According to Blake, “The documentary is a searing, at times poignant depiction of the myriad of perspectives surrounding the topic of intolerance and violence towards same gender loving (SGL) lesbians, gays, bisexuals and transgender living in Jamaica.”

The film has already been screened in Jamaica.

It was received “amid heated anti-homosexual protest, prompting media attention and open discussions on the Human Rights of the SGL/LGBT community in Jamaica.” Regardless of which side of the lifestyle one advocates, “Taboo…Yardies” is sure to trigger controversy and at the very least spark conversation. Reportedly, a portion of the proceeds from the opening night reception will help fund LGBTQ safe space charities in Jamaica; Quality Citizenship Jamaica (JCL).

“HOLLER” TUPAC MUSICAL GETS MAY DATE ON BROADWAY

Another musical tribute to a legendary entertainer hails hip-hop icon Tupac Shakur in a presentation beginning on May 29 billed “Holler If Ya Hear Me.” Slated for the Palace Theatre, 1564 Broadway at 47th St. the newest musical tome adds to critically acclaimed bio-musicals to herald Motown, Carole King, Janis Joplin and Liberace.
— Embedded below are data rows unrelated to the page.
Lemma lowest_indices (f : nat -> R) (n k : nat) :
  (forall i j, (i < n)%nat -> (j < n)%nat -> i <> j -> f i <> f j) -> (k <= n)%nat ->
  exists H, ksubset n k H /\
    forall i j, In i H -> (j < n)%nat -> ~ In j H -> f i < f j.
Proof.
  intro Hinj; induction k as [| k IH]; intro Hk.
  - exists []; split; [split; [constructor | split; [reflexivity | intros i []]] | intros i j []].
  - destruct (IH ltac:(lia)) as [H [[ND [Len Bd]] Low]].
    set (C := filter (fun j => if in_dec Nat.eq_dec j H then false else true) (seq 0 n)).
    assert (CC : forall j, In j C <-> (j < n)%nat /\ ~ In j H).
    { intro j; unfold C; rewrite filter_In, in_seq.
      destruct (in_dec Nat.eq_dec j H); intuition (try lia; try congruence). }
    assert (Cne : C <> []).
    { intro E; assert (Hincl : incl (seq 0 n) H).
      { intros j Hj; rewrite in_seq in Hj; apply NNPP; intro NjH.
        assert (Hj' : In j C) by (apply CC; split; [lia | exact NjH]).
        rewrite E in Hj'; destruct Hj'. }
      pose proof (NoDup_incl_length (seq_NoDup n 0) Hincl); rewrite length_seq in *; lia. }
    destruct (list_argmin f C Cne) as [m [Hm Pm]]; apply CC in Hm as [Hmn HmH].
    exists (m :: H); split; [split; [constructor; auto | split; [simpl; lia |]] |].
    + intros i [<- | Hi]; auto.
    + intros i j Hi Hj Hnj.
      assert (NjH : ~ In j H) by (intro; apply Hnj; right; auto).
      assert (Njm : j <> m) by (intro; apply Hnj; left; auto).
      destruct Hi as [-> | Hi]; [| auto].
      specialize (Pm j (proj2 (CC j) (conj Hj NjH))).
      assert (f i <> f j) by (apply Hinj; auto); lra.
Qed.
(* Let $\Gamma=\mathsf{PSL}_2(\mathbb{Z})=\langle U,S\mid U^3,S^2\rangle$, where $U$ has order $3$ and $S$ has order $2$. For integers $n,m\ge 0$ let $q(n,m)$ be the number of words in the alphabet $\{U,S\}$ containing exactly $n$ letters $U$ and $m$ letters $S$ which are equal to the identity in $\Gamma$ (the empty word counts, so $q(0,0)=1$). Let $$Q(x,y)=\sum_{n,m\ge 0}q(n,m)x^ny^m,\qquad T(x)=Q(x,x)=\sum_{n\ge0}t(n)x^n,$$ where $t(n)$ is the number of words of length $n$ in $\{U,S\}$ equal to the identity in $\Gamma$. Then $Q(x,y)$ is an algebraic function of degree $3$ over $\mathbb{Q}(x,y)$ satisfying $$(y^6-x^6+6y^2x^3-3y^4+2x^3+3y^2-1)Q^3+(x^3y^2-y^4+x^3+2y^2-1)Q^2+(x^3-y^2+1)Q+1=0.$$ In particular, $T(x)$ is an algebraic function of degree $3$ over $\mathbb{Q}(x)$ satisfying $$(6x^5-3x^4+2x^3+3x^2-1)T^3+(x^5-x^4+x^3+2x^2-1)T^2+(x^3-x^2+1)T+1=0.$$
   Context: Words are finite sequences over the two-letter alphabet $\{U,S\}$, interpreted as products of the corresponding group elements in $\Gamma$. The generating functions are formal power series (convergent for small $|x|,|y|$). *)

From HB Require Import structures.
From mathcomp Require Import all_boot all_order all_algebra.
Set Implicit Arguments. Unset Strict Implicit. Unset Printing Implicit Defensive.
Import Order.TTheory GRing.Theory Num.Theory.
Local Open Scope ring_scope.

(* Words over {U,S}: a letter is a bool, [true] = U, [false] = S. *)

(* Gamma = PSL_2(Z), realised as SL_2(Z) modulo {+I,-I}.
   Standard generators: S = [[0,-1],[1,0]] (order 2 in PSL_2(Z)),
   U = S*T = [[0,-1],[1,1]] (order 3 in PSL_2(Z)). *)
Definition mx2 (a b c d : int) : 'M[int]_2 :=
  \matrix_(i < 2, j < 2)
    (if val i == 0%N then (if val j == 0%N then a else b)
     else (if val j == 0%N then c else d)).

Definition matU : 'M[int]_2 := mx2 0 (-1) 1 1.
Definition matS : 'M[int]_2 := mx2 0 (-1) 1 0.

Definition letter_mx (b : bool) : 'M[int]_2 := if b then matU else matS.

Definition word_mx (w : seq bool) : 'M[int]_2 :=
  foldr (fun b M => letter_mx b *m M) 1%:M w.

Definition trivial_word (w : seq bool) : bool :=
  (word_mx w == 1%:M) || (word_mx w == - 1%:M).

Definition q (n m : nat) : nat :=
  #|[pred w : (n + m).-tuple bool | (count id w == n) && trivial_word w]|.

Definition t (n : nat) : nat :=
  #|[pred w : n.-tuple bool | trivial_word w]|.

(* Formal power series in two variables x,y over Q: coefficient of x^n y^m *)
Definition bser := nat -> nat -> rat.
Definition bzero : bser := fun _ _ => 0.
Definition badd (f g : bser) : bser := fun n m => f n m + g n m.
Definition bmul (f g : bser) : bser := fun n m =>
  \sum_(i < n.+1) \sum_(j < m.+1) f i j * g (n - i)%N (m - j)%N.
(* polynomials in Q[x,y] as {poly {poly rat}}: outer variable y, inner x *)
Definition bpoly (p : {poly {poly rat}}) : bser := fun n m => (p`_m)`_n.
Definition px : {poly {poly rat}} := ('X : {poly rat})%:P.
Definition py : {poly {poly rat}} := 'X.

Definition user := nat -> rat.
Definition uzero : user := fun _ => 0.
Definition uadd (f g : user) : user := fun n => f n + g n.
Definition umul (f g : user) : user := fun n =>
  \sum_(i < n.+1) f i * g (n - i)%N.
Definition upoly (p : {poly rat}) : user := fun n => p`_n.

Definition Qser : bser := fun n m => (q n m)%:R.
Definition Tser : user := fun n => (t n)%:R.

Definition cQ3 : {poly {poly rat}} :=
  py^+6 - px^+6 + 6%:R * py^+2 * px^+3 - 3%:R * py^+4 + 2%:R * px^+3 + 3%:R * py^+2 - 1.
Definition cQ2 : {poly {poly rat}} :=
  px^+3 * py^+2 - py^+4 + px^+3 + 2%:R * py^+2 - 1.
Definition cQ1 : {poly {poly rat}} := px^+3 - py^+2 + 1.
Definition cQ0 : {poly {poly rat}} := 1.

Definition cT3 : {poly rat} := 6%:R * 'X^5 - 3%:R * 'X^4 + 2%:R * 'X^3 + 3%:R * 'X^2 - 1.
Definition cT2 : {poly rat} := 'X^5 - 'X^4 + 'X^3 + 2%:R * 'X^2 - 1.
Definition cT1 : {poly rat} := 'X^3 - 'X^2 + 1.
Definition cT0 : {poly rat} := 1.

Definition bcubic (c3 c2 c1 c0 : {poly {poly rat}}) (F : bser) : bser :=
  badd (bmul (bpoly c3) (bmul F (bmul F F)))
   (badd (bmul (bpoly c2) (bmul F F))
    (badd (bmul (bpoly c1) F) (bpoly c0))).
Definition ucubic (c3 c2 c1 c0 : {poly rat}) (F : user) : user :=
  uadd (umul (upoly c3) (umul F (umul F F)))
   (uadd (umul (upoly c2) (umul F F))
    (uadd (umul (upoly c1) F) (upoly c0))).

(* F is algebraic of degree 3 over Q(x,y) with the given cubic as relation:
   the (nonzero) cubic annihilates F, and no nonzero polynomial of degree <= 2
   (coefficients in Q[x,y], equivalently Q(x,y) after clearing denominators)
   annihilates F. *)
Definition balg_deg3_with (c3 c2 c1 c0 : {poly {poly rat}}) (F : bser) : Prop :=
  c3 != 0 /\ bcubic c3 c2 c1 c0 F = bzero /\
  forall a2 a1 a0 : {poly {poly rat}},
    badd (bmul (bpoly a2) (bmul F F)) (badd (bmul (bpoly a1) F) (bpoly a0)) = bzero ->
    [/\ a2 = 0, a1 = 0 & a0 = 0].
Definition ualg_deg3_with (c3 c2 c1 c0 : {poly rat}) (F : user) : Prop :=
  c3 != 0 /\ ucubic c3 c2 c1 c0 F = uzero /\
  forall a2 a1 a0 : {poly rat},
    uadd (umul (upoly a2) (umul F F)) (uadd (umul (upoly a1) F) (upoly a0)) = uzero ->
    [/\ a2 = 0, a1 = 0 & a0 = 0].

From HB Require Import structures.
From mathcomp Require Import all_boot all_order all_algebra.
From mathcomp Require Import boolp zify ring.
Set Implicit Arguments. Unset Strict Implicit. Unset Printing Implicit Defensive.
Import Order.TTheory GRing.Theory Num.Theory.
Local Open Scope ring_scope.

(* Γ is the free product Z/2 * Z/3: a word is trivial iff cancelling SS and UUU
   reduces it to the empty word, because a nonempty alternating product of S and
   U^(±1) is ± U^a W S^b with W a nonnegative matrix, W ≠ 1 (ping-pong: S U and S U^2
   are, up to sign, the positive matrices [[1,1],[0,1]] and [[1,0],[1,1]]).
   Cutting a trivial word at the first moment the reduction of a prefix is empty
   gives equations for Q and for the series gS, gU, gU2 of words whose reduction
   first becomes empty at their end after starting from S, U, U^2:
     Q = 1 + x gU Q + y gS Q,  gS = x gU gS + y,  gU = x gU2 + y gS gU,  gU2 = x + y gS gU2,
   and eliminating gS, gU, gU2 gives the cubic; T(x) = Q(x, x).
   The cubic has no root in Q(x, y): specialising y := x and then x := 1 would
   give a rational root of 7 X^3 + 2 X^2 + X + 1, but 7 p^3 + 2 p^2 q + p q^2 + q^3
   is odd when p and q are coprime. *)

(** * Rings of formal power series *)

Definition bopp (f : bser) : bser := fun n m => - f n m.

Lemma bserP (f g : bser) : (forall n m, f n m = g n m) -> f = g.
Proof. by move=> h; apply/funext => n; apply/funext => m; exact: h. Qed.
Inspired by the lyrics penned by the hip-hop proponent, the new Broadway musical written by Todd Kreidler is directed by Kenny Leon, the director who is also enjoying acclaim with his dramatic direction of Denzel Washington’s lead character in “A Raisin In The Sun.”

Through the poetry of one of the 20th century’s most influential and culturally prominent voices, audiences are given a window into realities of the streets still relevant today.
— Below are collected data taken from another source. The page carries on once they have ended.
(* Let $\mathcal{S}$ be a state space, let $\mathsf{N}^{(1)},\ldots,\mathsf{N}^{(l)}$ be measurements on $\mathcal{S}$ with common finite outcome set $\Omega_1$, let $(p_i)_{i=1}^l$ be a probability distribution, and let $\mathsf{M}^{(2)},\ldots,\mathsf{M}^{(k)}$ be measurements on $\mathcal{S}$ with finite outcome sets $\Omega_2,\ldots,\Omega_k$. Then $$\bar P\Big(\sum_{i=1}^l p_i\mathsf{N}^{(i)},\mathsf{M}^{(2)},\ldots,\mathsf{M}^{(k)}\Big)\le\sum_{i=1}^l p_i\,\bar P(\mathsf{N}^{(i)},\mathsf{M}^{(2)},\ldots,\mathsf{M}^{(k)})\le\max_j\bar P(\mathsf{N}^{(j)},\mathsf{M}^{(2)},\ldots,\mathsf{M}^{(k)}).$$
   Context: General probabilistic theory setting: a state space $\mathcal{S}$ is a compact convex subset of a finite-dimensional real vector space, embedded as a base of a closed generating proper cone in a vector space $V$, with unit effect $u$. Effects are linear functionals $e$ on $V$ with $0\le e\le1$ on $\mathcal{S}$; $\|f\|=\max_{s\in\mathcal{S}}|f(s)|$. A measurement with finite outcome set $\Omega$ is a map $x\mapsto\mathsf{M}_x$ to effects with $\sum_x\mathsf{M}_x=u$; the mixture $\sum_ip_i\mathsf{N}^{(i)}$ has effects $\sum_ip_i\mathsf{N}^{(i)}_x$. For measurements $\mathsf{M}^{(1)},\ldots,\mathsf{M}^{(k)}$ with outcome sets of sizes $m_1,\ldots,m_k$, the random access test success probability is $\bar P(\mathsf{M}^{(1)},\ldots,\mathsf{M}^{(k)})=\frac{1}{k\,m_1\cdots m_k}\sum_{(x_1,\ldots,x_k)}\|\mathsf{M}^{(1)}_{x_1}+\cdots+\mathsf{M}^{(k)}_{x_k}\|$. *)

From HB Require Import structures.
From mathcomp Require Import all_boot all_order all_algebra.
From mathcomp Require Import all_classical all_reals all_analysis.
Set Implicit Arguments. Unset Strict Implicit. Unset Printing Implicit Defensive.
Import Order.TTheory GRing.Theory Num.Theory.
Import numFieldNormedType.Exports.
Local Open Scope classical_set_scope.
Local Open Scope ring_scope.

Section GPT.
Variables (R : realType) (n : nat).

(* V = R^n as column vectors; linear functionals on V are row vectors. *)
Definition ev (f : 'rV[R]_n) (s : 'cV[R]_n) : R := (f *m s) 0 0.

Definition convex_set (S : set 'cV[R]_n) : Prop :=
  forall x y (t : R), S x -> S y -> 0 <= t <= 1 -> S (t *: x + (1 - t) *: y).

Definition cone_of (S : set 'cV[R]_n) : set 'cV[R]_n :=
  [set v | exists t, exists2 s, S s & 0 <= t /\ v = t *: s].

Definition state_space (S : set 'cV[R]_n) (u : 'rV[R]_n) : Prop :=
  [/\ (S !=set0) /\ compact S /\ convex_set S,
      closed (cone_of S),
      (forall v, exists a b, cone_of S a /\ cone_of S b /\ v = a - b),
      (forall v, cone_of S v -> cone_of S (- v) -> v = 0)
    & (forall s, S s -> ev u s = 1)].

Definition effect (S : set 'cV[R]_n) (e : 'rV[R]_n) : Prop :=
  forall s, S s -> 0 <= ev e s <= 1.

Definition measurement (S : set 'cV[R]_n) (u : 'rV[R]_n) (m : nat)
  (M : 'I_m -> 'rV[R]_n) : Prop :=
  (forall x, effect S (M x)) /\ \sum_(x < m) M x = u.

(* ||f|| = max_{s in S} |f(s)|  (the max exists by compactness of S) *)
Definition gnorm (S : set 'cV[R]_n) (f : 'rV[R]_n) : R :=
  sup [set r | exists2 s, S s & r = `|ev f s|].

Definition mixture (l m : nat) (p : 'I_l -> R) (N : 'I_l -> 'I_m -> 'rV[R]_n)
  : 'I_m -> 'rV[R]_n := fun x => \sum_(i < l) p i *: N i x.

(* random access test success probability of K measurements M i with
   outcome sets 'I_(m i) *)
Definition Pbar (S : set 'cV[R]_n) (K : nat) (m : 'I_K -> nat)
  (M : forall i : 'I_K, 'I_(m i) -> 'rV[R]_n) : R :=
  (K%:R * \prod_(i < K) (m i)%:R)^-1 *
  \sum_(x : {dffun forall i : 'I_K, 'I_(m i)}) gnorm S (\sum_(i < K) M i (x i)).

(* prepending a measurement to a family of measurements *)
Definition mcons (k : nat) (m1 : nat) (m : 'I_k -> nat) (i : 'I_k.+1) : nat :=
  match unlift ord0 i with Some j => m j | None => m1 end.

Definition fcons (k : nat) (m1 : nat) (m : 'I_k -> nat)
  (F : 'I_m1 -> 'rV[R]_n) (Ms : forall j : 'I_k, 'I_(m j) -> 'rV[R]_n)
  (i : 'I_k.+1) : 'I_(mcons m1 m i) -> 'rV[R]_n :=
  match unlift ord0 i as o
    return 'I_(match o with Some j => m j | None => m1 end) -> 'rV[R]_n
  with Some j => Ms j | None => F end.

End GPT.

From Pilot Require Import Defs.
From HB Require Import structures.
From mathcomp Require Import all_boot all_order all_algebra.
From mathcomp Require Import all_classical all_reals all_analysis.
Import Order.TTheory GRing.Theory Num.Theory.
Import numFieldNormedType.Exports.
Set Implicit Arguments. Unset Strict Implicit. Unset Printing Implicit Defensive.
Local Open Scope classical_set_scope.
Local Open Scope ring_scope.

(* The norm [gnorm S f = sup_{s in S} |f(s)|] is a supremum of absolute values
   of linear functionals, hence sublinear in [f].  Each summand of [Pbar] is the
   norm of a sum of effects that depends linearly on the first measurement, so
   [Pbar] is convex in that measurement.  A convex combination is in turn
   bounded by the largest of its terms. *)

Lemma entry_le_mx_norm (R : realType) (n : nat) (s : 'cV[R]_n) (j : 'I_n) :
  `|s j 0| <= `|s|.
Proof.
rewrite [`|s|]mx_normrE.
exact: (le_bigmax _ (fun ij : 'I_n * 'I_1 => `|s ij.1 ij.2|) (j, 0)).
Qed.

Lemma ev_bounded_on_compact (R : realType) (n : nat) (S : set 'cV[R]_n)
    (f : 'rV[R]_n) :
  compact S -> exists C, forall s, S s -> `|ev f s| <= C.
Proof.
move=> cS; have [M [_ SM]] := compact_bounded cS.
have S_le_M1 := SM (M + 1) ltac:(by rewrite ltrDl ltr01).
exists (\sum_j `|f 0 j| * (M + 1)) => s Ss.
rewrite /ev mxE (le_trans (ler_norm_sum _ _ _)) //.
apply: ler_sum => j _; rewrite normrM ler_wpM2l //.
exact: le_trans (entry_le_mx_norm s j) (S_le_M1 s Ss).
Qed.

(* [Defs.gnorm] is qualified because [gnorm] alone names a fingroup lemma. *)
Section GNorm.
Variables (R : realType) (n : nat) (S : set 'cV[R]_n).
Hypotheses (S_compact : compact S) (S_neq0 : S !=set0).

Lemma ev_le_gnorm (f : 'rV[R]_n) (s : 'cV[R]_n) : S s -> `|ev f s| <= Defs.gnorm S f.
Proof.
move=> Ss; have [C fC] := ev_bounded_on_compact f S_compact.
apply: ub_le_sup; last by exists s.
by exists C => _ [s' Ss' ->]; exact: fC.
Qed.

Lemma gnorm_le (f : 'rV[R]_n) (C : R) :
  (forall s, S s -> `|ev f s| <= C) -> Defs.gnorm S f <= C.
Proof.
move=> fC; apply: ge_sup; last by move=> _ [s Ss ->]; exact: fC.
by case: S_neq0 => s Ss; exists `|ev f s|, s.
Qed.

Lemma gnorm_sum_le (l : nat) (p : 'I_l -> R) (g : 'I_l -> 'rV[R]_n) :
  (forall i, 0 <= p i) ->
  Defs.gnorm S (\sum_i p i *: g i) <= \sum_i p i * Defs.gnorm S (g i).
Proof.
move=> p_ge0; apply: gnorm_le => s Ss.
rewrite /ev mulmx_suml summxE (le_trans (ler_norm_sum _ _ _)) //.
apply: ler_sum => i _.
by rewrite -scalemxAl mxE normrM ger0_norm // ler_wpM2l // ev_le_gnorm.
Qed.

Lemma Pbar_le_convex_comb (K l : nat) (m : 'I_K -> nat) (p : 'I_l -> R)
    (F : 'I_l -> forall i : 'I_K, 'I_(m i) -> 'rV[R]_n)
    (M : forall i : 'I_K, 'I_(m i) -> 'rV[R]_n) :
  (forall j, 0 <= p j) ->
  (forall i x, M i x = \sum_j p j *: F j i x) ->
  Pbar S M <= \sum_j p j * Pbar S (F j).
Proof.
move=> p_ge0 eqM; rewrite /Pbar; set c := _^-1.
have c_ge0 : 0 <= c by rewrite invr_ge0 mulr_ge0 // prodr_ge0.
under [X in _ <= X]eq_bigr => j _ do rewrite mulrCA mulr_sumr.
rewrite -mulr_sumr ler_wpM2l // exchange_big /=.
apply: ler_sum => x _.
have -> : \sum_i M i (x i) = \sum_j p j *: \sum_i F j i (x i).
  under eq_bigr => i _ do rewrite eqM.
  by rewrite exchange_big; apply: eq_bigr => j _; rewrite scaler_sumr.
exact: gnorm_sum_le.
Qed.

End GNorm.

Lemma fcons_mixture (R : realType) (n l m1 k : nat) (p : 'I_l -> R)
    (N : 'I_l -> 'I_m1 -> 'rV[R]_n) (m : 'I_k -> nat)
    (Ms : forall j : 'I_k, 'I_(m j) -> 'rV[R]_n) :
  \sum_(j < l) p j = 1 ->
  forall i (y : 'I_(mcons m1 m i)),
    fcons (mixture p N) Ms y = \sum_j p j *: fcons (N j) Ms y.
Proof.
move=> p_sum1 i; rewrite /fcons /mcons.
by case: (unlift ord0 i) => [j|] y //=; rewrite -scaler_suml p_sum1 scale1r.
Qed.

Lemma convex_comb_le_bigmax (R : realDomainType) (l : nat) (p a : 'I_l -> R) :
  (forall i, 0 <= p i) -> \sum_i p i = 1 ->
  \sum_i p i * a i <= \big[Num.max/0]_i a i.
Proof.
move=> p_ge0 p_sum1.
apply: (@le_trans _ _ (\sum_i p i * \big[Num.max/0]_j a j)).
  by apply: ler_sum => i _; rewrite ler_wpM2l // (le_bigmax _ a i).
by rewrite -mulr_suml p_sum1 mul1r.
Qed.

Theorem mainTheorem5 (R : realType) (n : nat) (S : set 'cV[R]_n) (u : 'rV[R]_n)
  (l m1 k : nat) (N : 'I_l -> 'I_m1 -> 'rV[R]_n) (p : 'I_l -> R)
  (m : 'I_k -> nat) (Ms : forall j : 'I_k, 'I_(m j) -> 'rV[R]_n) :
  state_space S u ->
  (forall i, measurement S u (N i)) ->
  (forall i, 0 <= p i) -> \sum_(i < l) p i = 1 ->
  (forall j, measurement S u (Ms j)) ->
  Pbar S (fcons (mixture p N) Ms)
    <= \sum_(i < l) p i * Pbar S (fcons (N i) Ms)
  /\ \sum_(i < l) p i * Pbar S (fcons (N i) Ms)
    <= \big[Num.max/0]_(j < l) Pbar S (fcons (N j) Ms).
Proof.
move=> [[S_neq0 [S_compact _]] _ _ _ _] _ p_ge0 p_sum1 _; split.
  exact: (Pbar_le_convex_comb S_compact S_neq0 p_ge0 (fcons_mixture N Ms p_sum1)).
exact: convex_comb_le_bigmax.
Qed.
The “non-biographical story about friendship, family, revenge, change and hope” will also tap into individual stories about “inner city lives struggle for peace against the daily challenges they face in this entertaining and original musical.
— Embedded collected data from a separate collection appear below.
Lemma multinomialS mu : (0 < mdeg mu)%N ->
  multinomial mu = (\sum_(j < n | (0 < mu j)%N) multinomial (mu - U_(j))%MM)%N.
Proof.
move=> deg_mu; apply/eqP; rewrite -(eqn_pmul2l (mnm_fact_gt0 mu)).
rewrite mnm_fact_mul_multinomial mnm_fact_mul_sum_multinomial // => j mu_j.
by rewrite mnm_fact_mul_multinomial mdeg_subm1.
Qed.

Lemma multinomial_neq1 mu : multinomial mu != 1%N ->
  exists i1 i2 : 'I_n, [/\ i1 != i2, (0 < mu i1)%N & (0 < mu i2)%N].
Proof.
move=> mu_neq1.
suff /existsP [i1 /existsP [i2 /and3P [? ? ?]]] :
    [exists i1, exists i2, [&& i1 != i2, 0 < mu i1 & 0 < mu i2]]%N by exists i1, i2.
apply: contraR mu_neq1 => /negP no_pair; apply/eqP.
have [i0 mu_i0|mu0] := pickP (fun i : 'I_n => 0 < mu i)%N; last first.
  have -> : mu = 0%MM by apply/mnmP => i; rewrite mnm0E; apply/eqP; rewrite -leqn0 leqNgt mu0.
  by rewrite /multinomial /mnm_fact mdeg0 big1 // => j _; rewrite mnm0E.
have others i : i != i0 -> mu i = 0%N.
  move=> ii0; apply/eqP; rewrite -leqn0 leqNgt; apply/negP => mu_i; apply: no_pair.
  by apply/existsP; exists i; apply/existsP; exists i0; rewrite ii0 mu_i mu_i0.
rewrite /multinomial /mnm_fact mdegE (bigD1 i0) // [X in (_ %/ X)%N](bigD1 i0) //=.
rewrite !big1 => [|i /others ->|i /others ->] //.
by rewrite addn0 muln1 divnn fact_gt0.
Qed.

End Multinomial.
Section model.
Variables (R : realType) (d L : nat) (dO : measure_display) (Omega : measurableType dO)
  (P : probability Omega R) (J : Omega -> edge d L -> R)
  (E : Omega -> SL d L -> SL d L -> R).
Hypothesis mJ : forall b, measurable_fun setT (fun w => J w b).
Hypothesis mE : forall s s', measurable_fun setT (fun w => E w s s').
Hypothesis indepJE : indep_JE P J E.

(* By the cocycle property, [J] and the energies [E(+, s)] determine [E]. *)
Definition coord (i : edge d L + SL d L) (w : Omega) : R :=
  match i with inl e => J w e | inr s => E w (SL_plus d L) s end.

Lemma measurable_coord i : measurable_fun setT (coord i).
Proof. by case: i => [e|s]; [exact: mJ | exact: mE]. Qed.

Lemma indep_coord_rect (B : edge d L + SL d L -> set R) :
  (forall i, measurable (B i)) ->
  P [set w | forall i, B i (coord i w)] =
  (\prod_e P [set w | B (inl e) (J w e)] *
   P [set w | forall s, B (inr s) (E w (SL_plus d L) s)])%E.
Proof.
move=> mB.
pose BE s s' := if s == SL_plus d L then B (inr s') else setT.
have mBE s s' : measurable (BE s s') by rewrite /BE; case: ifP.
have EE : [set w | forall s s', BE s s' (E w s s')] =
          [set w | forall s, B (inr s) (E w (SL_plus d L) s)].
  apply/seteqP; split => w /= Bw => [s|s s']; last by rewrite /BE; case: eqP => // ->.
  by have := Bw (SL_plus d L) s; rewrite /BE eqxx.
rewrite -EE -(indepJE (fun e => mB (inl e)) mBE); congr (P _).
apply/seteqP; split => w /= Bw.
  split => [e|s s']; first exact: Bw (inl e).
  by rewrite /BE; case: eqP => // ->; exact: Bw (inr s').
case: Bw => BJ BEw [e|s] //.
by have := BEw (SL_plus d L) s; rewrite /BE eqxx.
Qed.

Local Notation other_coord b := {i in predC1 (inl b : edge d L + SL d L)}.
25 YEARS OF TRIBUTES TO THE ANCESTORS

It has been a quarter of a century since The People of the Sun Middle Passage Collective started marking the historic but tragic sea voyage Africans endured crossing the Middle Passage to America.

On May 3, 2014, a pictorial display and spoken word event will celebrate 25 years of paying tribute to the Ancestors of the Middle Passage. Slated to be held at Medgar Evers College, EOJ Auditorium at 1638 Bedford Ave. (Medgar Evers Lane & Carroll Street) performances begin at noon.

Featuring a photo exhibition by Akeem and Reelz; spoken word performances by poets Ngoma, Osagyefo, Ras Atiba, Nena Blue, EKG, Osuntoyin, Poetry Flow, Her New She, James Gregory, Jessica Clarke, Finessa, Lyrisis, Imani Parker, Menes De Griot backed by Shanto, New Generation, Jelani Akeem, Jibri Akeem, Wayne Russell, Hermina, Jordan Franklin and other cultural entertainers, the program is slated to end at 8:00 p.m.